Your task. Work out how many lines in the entries contain the string "Arguments", and give nothing but that number.

# # #

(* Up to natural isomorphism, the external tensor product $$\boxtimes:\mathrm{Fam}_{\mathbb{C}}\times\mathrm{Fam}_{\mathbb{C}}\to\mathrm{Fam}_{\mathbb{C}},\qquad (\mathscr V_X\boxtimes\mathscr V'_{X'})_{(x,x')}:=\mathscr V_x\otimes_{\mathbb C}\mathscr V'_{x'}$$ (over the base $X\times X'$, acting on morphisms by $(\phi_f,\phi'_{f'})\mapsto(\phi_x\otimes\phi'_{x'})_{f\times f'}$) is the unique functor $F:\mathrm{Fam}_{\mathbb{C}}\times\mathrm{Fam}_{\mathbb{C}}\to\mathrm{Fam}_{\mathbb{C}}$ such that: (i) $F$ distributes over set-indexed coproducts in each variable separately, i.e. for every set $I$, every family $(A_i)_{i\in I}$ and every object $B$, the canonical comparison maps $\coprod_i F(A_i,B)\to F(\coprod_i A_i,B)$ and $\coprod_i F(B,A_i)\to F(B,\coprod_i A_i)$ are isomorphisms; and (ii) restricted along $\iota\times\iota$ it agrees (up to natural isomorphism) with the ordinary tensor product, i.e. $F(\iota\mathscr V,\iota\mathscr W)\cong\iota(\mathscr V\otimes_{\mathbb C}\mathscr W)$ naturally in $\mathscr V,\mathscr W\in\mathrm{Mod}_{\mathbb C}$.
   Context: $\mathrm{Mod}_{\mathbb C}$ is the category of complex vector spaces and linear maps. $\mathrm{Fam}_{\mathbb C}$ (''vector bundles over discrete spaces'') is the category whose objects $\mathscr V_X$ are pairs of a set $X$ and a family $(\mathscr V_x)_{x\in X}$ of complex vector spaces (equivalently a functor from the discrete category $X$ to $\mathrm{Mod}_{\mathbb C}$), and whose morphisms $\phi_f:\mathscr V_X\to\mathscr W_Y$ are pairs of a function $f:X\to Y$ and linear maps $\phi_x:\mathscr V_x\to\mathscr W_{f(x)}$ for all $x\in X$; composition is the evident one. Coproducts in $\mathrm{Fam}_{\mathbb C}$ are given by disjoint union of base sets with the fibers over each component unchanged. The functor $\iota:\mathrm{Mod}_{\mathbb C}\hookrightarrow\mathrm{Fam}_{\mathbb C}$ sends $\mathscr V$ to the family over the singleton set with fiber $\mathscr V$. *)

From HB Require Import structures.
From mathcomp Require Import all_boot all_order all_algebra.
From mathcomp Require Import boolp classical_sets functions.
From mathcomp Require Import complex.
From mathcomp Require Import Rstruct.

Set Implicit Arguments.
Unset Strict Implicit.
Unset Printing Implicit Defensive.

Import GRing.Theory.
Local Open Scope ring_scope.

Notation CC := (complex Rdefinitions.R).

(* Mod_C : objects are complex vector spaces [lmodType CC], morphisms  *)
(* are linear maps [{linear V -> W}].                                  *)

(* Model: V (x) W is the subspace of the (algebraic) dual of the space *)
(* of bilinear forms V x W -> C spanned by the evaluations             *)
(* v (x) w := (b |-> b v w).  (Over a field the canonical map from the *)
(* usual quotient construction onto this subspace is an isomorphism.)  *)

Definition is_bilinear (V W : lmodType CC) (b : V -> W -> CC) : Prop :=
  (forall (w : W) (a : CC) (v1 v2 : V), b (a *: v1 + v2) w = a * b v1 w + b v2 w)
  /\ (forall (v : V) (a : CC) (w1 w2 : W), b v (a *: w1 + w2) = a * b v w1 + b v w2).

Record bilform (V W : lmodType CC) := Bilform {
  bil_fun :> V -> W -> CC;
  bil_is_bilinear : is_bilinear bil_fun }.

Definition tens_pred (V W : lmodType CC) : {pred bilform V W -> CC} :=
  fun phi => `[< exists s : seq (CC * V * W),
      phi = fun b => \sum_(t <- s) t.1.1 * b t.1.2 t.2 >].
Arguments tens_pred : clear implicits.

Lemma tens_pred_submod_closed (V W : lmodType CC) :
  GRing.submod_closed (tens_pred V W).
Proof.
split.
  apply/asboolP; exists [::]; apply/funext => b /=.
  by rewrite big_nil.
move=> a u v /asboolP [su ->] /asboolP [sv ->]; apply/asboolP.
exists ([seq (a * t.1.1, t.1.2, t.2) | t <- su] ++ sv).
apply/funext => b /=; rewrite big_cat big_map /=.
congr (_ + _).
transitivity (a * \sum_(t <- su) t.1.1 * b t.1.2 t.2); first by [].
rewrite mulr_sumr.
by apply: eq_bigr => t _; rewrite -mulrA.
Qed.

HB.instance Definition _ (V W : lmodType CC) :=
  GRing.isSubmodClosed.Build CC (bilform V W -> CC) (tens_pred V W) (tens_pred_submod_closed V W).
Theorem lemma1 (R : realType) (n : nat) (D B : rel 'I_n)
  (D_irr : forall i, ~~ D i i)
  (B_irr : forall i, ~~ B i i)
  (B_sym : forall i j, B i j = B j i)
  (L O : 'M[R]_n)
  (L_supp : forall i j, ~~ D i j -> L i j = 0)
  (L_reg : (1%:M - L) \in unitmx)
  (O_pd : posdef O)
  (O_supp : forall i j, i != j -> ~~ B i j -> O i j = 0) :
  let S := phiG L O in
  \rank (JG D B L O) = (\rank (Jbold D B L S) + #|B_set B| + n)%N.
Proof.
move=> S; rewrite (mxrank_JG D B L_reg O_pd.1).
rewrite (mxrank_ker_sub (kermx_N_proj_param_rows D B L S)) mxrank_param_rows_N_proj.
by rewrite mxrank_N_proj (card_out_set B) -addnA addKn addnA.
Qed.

# # #

Written response. 2